LoRA fine-tuning

What’s LoRA

Since the era of LLM(large language model) arrived, fine-tuning LLM has become a challenge because the LLM models are extremely large, making it difficult to perform full fine-tuning. There are mainly two approaches: freeze the entire LLM and perform prompt tuning or In-context Learning; freeze the entire LLM but inserting trainable modules. Today, I will introduce the LoRA(Low-Rank Adaptation), which corresponds to the latter technical approach. This is a work proposed by the Microsoft team¹

The idea behind LoRA is quite simple. If you are familiar with deep learning, you should know that the parameters are updated by the gradient descent. Let’s consider a weight matrix $\mathbf W_0\in\mathcal{R}^{d\times d}$(the subscript 0 here means it’s the initial value), we can use $\Delta \mathbf W$ to denote the relative change to the initial value when it has been trained. After training, the parameters of this matrix will be

$$\mathbf W_0+\Delta \mathbf W$$

The problem that LoRA aims to solve is whether it is possible to determine the $\Delta \mathbf W$ without altering $\mathbf W_0$ and with minimal computation cost. This is achievable because researchers have found that the intrinsic rank of a learned LLM model is low. Therefore, the authors hypothesize that the weight change($\Delta \mathbf W$) during model adaption also has a low intrinsic rank, which allows us to perform a low-rank decomposition of $\Delta\mathbf W$. Experimental results have shown that this assumption holds, and LoRA fine-tuning achieves promising results¹. The low-rank decomposition is as follows

$$\Delta \mathbf W=\mathbf B\mathbf A$$

where $\mathbf B\in\mathcal{R}^{d\times r}$，$\mathbf A\in\mathcal{R}^{r\times d}$, the matrix $\mathbf B$ is initialized with zero and the matrix $\mathbf A$ is initialized with a random Gaussian. This ensures that at the beginning of training, the LoRA module has no impact on the original model.

If the input is $\mathbf x$, then the computation will be

$$\mathbf W_0\mathbf x+\frac{\alpha}{r}\Delta \mathbf W\mathbf x=\mathbf W_0\mathbf x+\frac{\alpha}{r}\mathbf B\mathbf A\mathbf x$$

The $\alpha$ here is a scaling factor, and $r$ is the value of low-rank

During training, only $\mathbf B$ and $\mathbf A$ are updated by the gradient descent. During inference, we can combine $\mathbf W_0$ with $\mathbf B\mathbf A$ just like the LoRA module does not exist. It is a significant advantage of LoRA: it does not introduce inference latency👍

Additionally, we can calculate the change in the number of learnable parameters when using LoRA.

$$ (\mathbf W_0+\frac{\alpha}{r}\Delta\mathbf W)\mathbf x=\mathbf W_0\mathbf x+\frac{\alpha}{r}\Delta \mathbf W\mathbf x=\mathbf W_0\mathbf x+\frac{\alpha}{r}\mathbf B\mathbf A\mathbf x $$

The learnable parameters we need to train are significantly reduced because $r«d$, which makes LoRA a parameter-efficient fine-tuning method. 👍

Two questions remaining - where should LoRA be applied in the transformer architecture? what is the optimal value for r?

• In section 7.1 of the paper, the authors found that applying LoRA to both the $\mathbf W_q$ and $\mathbf W_v$ yields the best result¹
• In section 7.2 of the paper, the authors discovered that increasing r does not always lead to significant improvements. and the values around 4 ~ 8 work well, which suggest that a low-rank adaptation matrix is sufficient¹

How to use LoRA

The Huggingface has a library called peft which supports LoRA fine-tuning and many other fine-tuning techniques. The README.md file in this repo explains how to use LoRA fine-tuning. We simply need to configure the parameters using LoraConfig, and then use get_peft_model to transform the model, making it ready for subsequent training.

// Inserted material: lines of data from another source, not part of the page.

Lemma le_osc {u : R -> R} {a b o} : osc u a b = o%:E ->
  forall x y, a < x < b -> a < y < b -> `|u x - u y| <= o.
Proof.
move=> + x y xI yI; have mem z : a < z < b -> [set` `]a, b[] z by move=> zI; rewrite /= in_itv.
have := ereal_sup_ubound (imageP (fun t => (u t)%:E) (mem x xI)).
have := ereal_sup_ubound (imageP (fun t => (u t)%:E) (mem y yI)).
have := ereal_inf_lbound (imageP (fun t => (u t)%:E) (mem x xI)).
have := ereal_inf_lbound (imageP (fun t => (u t)%:E) (mem y yI)).
rewrite /osc; case: (ereal_inf _) => [i||]; case: (ereal_sup _) => [s||] //.
rewrite !lee_fin => iy ix ys xs; change ((s - i)%:E = o%:E -> `|u x - u y| <= o); case=> <-.
by rewrite ler_norml; apply/andP; split; lra.
Qed.

End extended_real_bounds.

Theorem lemma4p9 (R : realType) (alpha : R) :
  0 < alpha ->
  exists C : R, 0 < C /\
    forall (rho : R) (u : R -> R), 0 < rho ->
      {within `]- rho, rho[, continuous u} ->
      (((ell rho) `^ alpha)%:E * wsup alpha rho 1 delta1 u
       <= C%:E * (osc u (- rho) rho
                  + ((ell rho) `^ alpha)%:E * wsup alpha rho 2 delta2 u))%E.
Proof.
move=> alpha0; exists (dyadic_const alpha); split; first exact: dyadic_const_gt0.
move=> rho u rho0 _; have C0 := dyadic_const_gt0 alpha.
have L0 := powR_ell_gt0 alpha rho0; set L := ell rho `^ alpha in L0 *.
have rho_lt : - rho < rho by lra.
have := osc_ge0 u rho_lt; have := wsup_ge0 alpha rho 2 delta2 u rho0.
(* When the oscillation or the weighted second differences are infinite, so is the right-hand side. *)
have Loo : (L%:E * +oo = +oo)%E by rewrite gt0_muley ?lte_fin.
have RHSoo : ((dyadic_const alpha)%:E * +oo = +oo)%E by rewrite gt0_muley ?lte_fin.
case Hw: (wsup _ _ _ _ _) => [w| |] w0; last by rewrite leeNy_eq in w0.
all: case Hosc: (osc _ _ _) => [oscu| |] oscu0; try by rewrite leeNy_eq in oscu0.
all: try by rewrite ?Loo ?addye ?addey // -?EFinM ?RHSoo leey.
rewrite !lee_fin in w0 oscu0.
have osc_u := le_osc Hosc.
have delta2_u e x : 0 < e -> - rho < x -> x + 2 * e < rho -> `|delta2 e u x| <= w * ell e `^ alpha.
  by move=> e0 x0 x1; apply: (le_wsup Hw); apply/andP; split; lra.
have W1 : (wsup alpha rho 1 delta1 u <= (dyadic_const alpha * (oscu + L * w) / L)%:E)%E.
  have M0 : 0 <= dyadic_const alpha * (oscu + L * w).
    by apply: mulr_ge0; [exact: ltW | apply: addr_ge0 => //; exact: mulr_ge0 (ltW L0) w0].
  apply: wsup_le => [|eps x epsI /andP[x0 x1]]; first by rewrite divr_ge0 // ltW.
  rewrite -(ler_pM2l L0) mulrA [L * (_ / _)]mulrC divfK ?gt_eqF //.
  by apply: powR_ell_delta1_le => //; lra.
apply: le_trans (lee_wpmul2l _ W1) _; first by rewrite lee_fin ltW.
by rewrite -EFinM -EFinD -EFinM lee_fin mulrC divfK ?gt_eqF.
Qed.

from transformers import AutoModelForCausalLM
from peft import get_peft_config, get_peft_model, LoraConfig, TaskType

model_name_or_path = "facebook/opt-350m"

peft_config = LoraConfig(
    task_type=TaskType.CAUSAL_LM,
    r=8,
    lora_alpha=32,
    lora_dropout=0.1,
)

model = AutoModelForCausalLM.from_pretrained(model_name_or_path)
model = get_peft_model(model, peft_config)
model.print_trainable_parameters()
# output: trainable params: 786,432
#      || all params: 331,982,848
#      || trainable%: 0.2368893467652883

After training, we can save the model by using model.save_pretrained(output_dir), where output_dir means the path to save. If we check the output_dir folder, you will find that we only saved the incremental PEFT weights rather than the whole model weights

output_dir
├── README.md
├── adapter_config.json
└── adapter_model.bin

To load the model and the LoRA module, we can leverage this magic API :)

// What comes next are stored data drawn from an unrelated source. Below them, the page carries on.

(* Let $\mathcal{M}$ be a separable metric space, $f:\mathcal{M}\to\mathcal{M}$ continuous, and $\mathcal{X}\subseteq\mathcal{M}$ forward invariant under $f$. For any $\xi\in\mathcal{X}$, if the trajectory through $\xi$ is forward precompact in $\mathcal{X}$, then $\omega_{\mathcal{X}}(\xi)$ is nonempty. Moreover, if $\mathcal{M}=\mathbb{R}^n$, $f(x)=Ax$ on $\mathcal{X}$ for some $A\in\mathbb{R}^{n\times n}$, and $\mathcal{X}$ is closed in $\mathbb{R}^n$, then conversely, $\omega_{\mathcal{X}}(\xi)\neq\emptyset$ implies that the trajectory through $\xi$ is forward precompact in $\mathcal{X}$.
   Context: The forward orbit of $\xi$ is $\{f^k(\xi)\mid k\in\mathbb{N}\}$; the trajectory through $\xi$ is forward precompact in $\mathcal{X}$ if the closure of its forward orbit in $\mathcal{X}$ is compact. $\omega_{\mathcal{X}}(\xi)$ is the set of $x\in\mathcal{X}$ such that $f^{k_j}(\xi)\to x$ for some sequence of indices $k_j\to\infty$. *)

From HB Require Import structures.
From mathcomp Require Import all_boot all_order all_algebra.
From mathcomp Require Import all_classical all_reals all_analysis.
Set Implicit Arguments. Unset Strict Implicit. Unset Printing Implicit Defensive.
Import Order.TTheory GRing.Theory Num.Theory.
Import numFieldNormedType.Exports.
Local Open Scope classical_set_scope.
Local Open Scope ring_scope.

Definition separable_space (T : topologicalType) : Prop :=
  exists D : set T, countable D /\ closure D = setT.

Definition forward_invariant (T : Type) (f : T -> T) (X : set T) : Prop :=
  f @` X `<=` X.

Definition forward_orbit (T : Type) (f : T -> T) (xi : T) : set T :=
  [set iter k f xi | k in setT].

Definition closure_in (T : topologicalType) (X A : set T) : set T :=
  X `&` closure A.

(* the trajectory through xi is forward precompact in X: the closure in X of
   its forward orbit is compact (compactness of a subset of X in the subspace
   topology coincides with compactness in the ambient space). *)
Definition forward_precompact_in (T : topologicalType) (X : set T)
  (f : T -> T) (xi : T) : Prop :=
  compact (closure_in X (forward_orbit f xi)).

Definition omega_limit_in (T : topologicalType) (X : set T)
  (f : T -> T) (xi : T) : set T :=
  [set x | X x /\ exists k : nat -> nat,
      k @ \oo --> \oo /\ (fun j => iter (k j) f xi) @ \oo --> x].

From HB Require Import structures.
From mathcomp Require Import all_boot all_order all_algebra.
From mathcomp Require Import all_classical all_reals all_analysis.
From mathcomp Require Import complex ring.
Import Order.TTheory GRing.Theory Num.Theory.
Import numFieldNormedType.Exports.
Local Open Scope classical_set_scope.
Local Open Scope ring_scope.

from peft import AutoPeftModelForCausalLM

peft_model_name_or_path = "./output_dir"

model = AutoPeftModelForCausalLM.from_pretrained(peft_model_name_or_path)

The source code of LoRA

I omit some irrelevant parts of the source code for brevity. The code below is from the peft 0.5.0

The core of the LoRA fine-tuning implementation is the LoraModel class

class LoraModel(BaseTuner):
    def __init__(self, model, config, adapter_name) -> None:
        super().__init__(model, config, adapter_name)
	...

It can be seen from the code that LoraModel inherits from the BaseTuner class, and it just calls the constructor of BaseTuner

class BaseTuner(nn.Module, ABC):
    def __init__(self, model, peft_config, adapter_name) -> None:
        super().__init__()
        self.model = model
        self.inject_adapter(self.model, adapter_name)
        self.model.peft_config = self.peft_config

Let’s focus on the inject_adapter method

class BaseTuner(nn.Module, ABC):
    def inject_adapter(self, model: nn.Module, adapter_name: str):
        peft_config = self.peft_config[adapter_name]

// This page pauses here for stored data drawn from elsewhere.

(* Let $G$ be a connected simple graph on $n\ge2$ vertices $v_1,\dots,v_n$, let $\alpha$ be a real number, and suppose the vertices are labeled so that $({}^\alpha m)_1\ge({}^\alpha m)_2\ge\cdots\ge({}^\alpha m)_n$. Let $N=\max_{i\sim j} d_j^\alpha/d_i^\alpha$. Then for $1\le i\le n$, \[\rho(A(G))\le \frac{({}^\alpha m)_i-N+\sqrt{(({}^\alpha m)_i+N)^2+4N\sum_{k=1}^{i-1}\big(({}^\alpha m)_k-({}^\alpha m)_i\big)}}{2}.\] Equality holds if and only if $({}^\alpha m)_1=\cdots=({}^\alpha m)_n$, or there is $t$ with $2\le t\le i$ such that: if $\alpha=0$, $G$ is a bidegreed graph with $d_1=\cdots=d_{t-1}=n-1>d_t=\cdots=d_n$; if $\alpha>0$, $G$ is a bidegreed graph with $({}^\alpha m)_1>({}^\alpha m)_2=\cdots=({}^\alpha m)_n$ and $d_1=n-1>d_2=\cdots=d_n$. (For $\alpha<0$ only the first alternative occurs.)
   Context: $A(G)$ is the adjacency matrix of $G$; $i\sim j$ means $v_i,v_j$ are adjacent; $d_i$ is the degree of $v_i$. The generalized average degree of $v_i$ is $({}^\alpha m)_i=\frac{\sum_{j\sim i}d_j^\alpha}{d_i^\alpha}$. $\rho(\cdot)$ is the spectral radius (largest eigenvalue for symmetric nonnegative matrices). A bidegreed graph is one whose vertex degrees take exactly two distinct values. An empty sum equals $0$. *)

From Stdlib Require Import Reals List Arith Relations.
Import ListNotations.
Open Scope R_scope.

(* A simple graph on vertices 0..n-1 (vertex v_{k+1} of the paper is k here),
   given by a boolean adjacency relation. *)
Definition simple_graph (n : nat) (adj : nat -> nat -> bool) : Prop :=
  (forall i j, adj i j = adj j i) /\
  (forall i, adj i i = false) /\
  (forall i j, adj i j = true -> (i < n)%nat /\ (j < n)%nat).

        is_target_modules_in_base_model = False
        key_list = [key for key, _ in model.named_modules()]

        peft_config = self._prepare_adapter_config(peft_config, model_config)

        for key in key_list:
            if not self._check_target_module_exists(peft_config, key):
                continue

            is_target_modules_in_base_model = True
            parent, target, target_name = _get_submodules(model, key)

            optionnal_kwargs = {
                "loaded_in_8bit": getattr(model, "is_loaded_in_8bit", False),
                "loaded_in_4bit": getattr(model, "is_loaded_in_4bit", False),
                "current_key": key,
            }

            self._create_and_replace(
                peft_config,
                adapter_name,
                target,
                target_name,
                parent,
                **optionnal_kwargs,
            )

        self._mark_only_adapters_as_trainable()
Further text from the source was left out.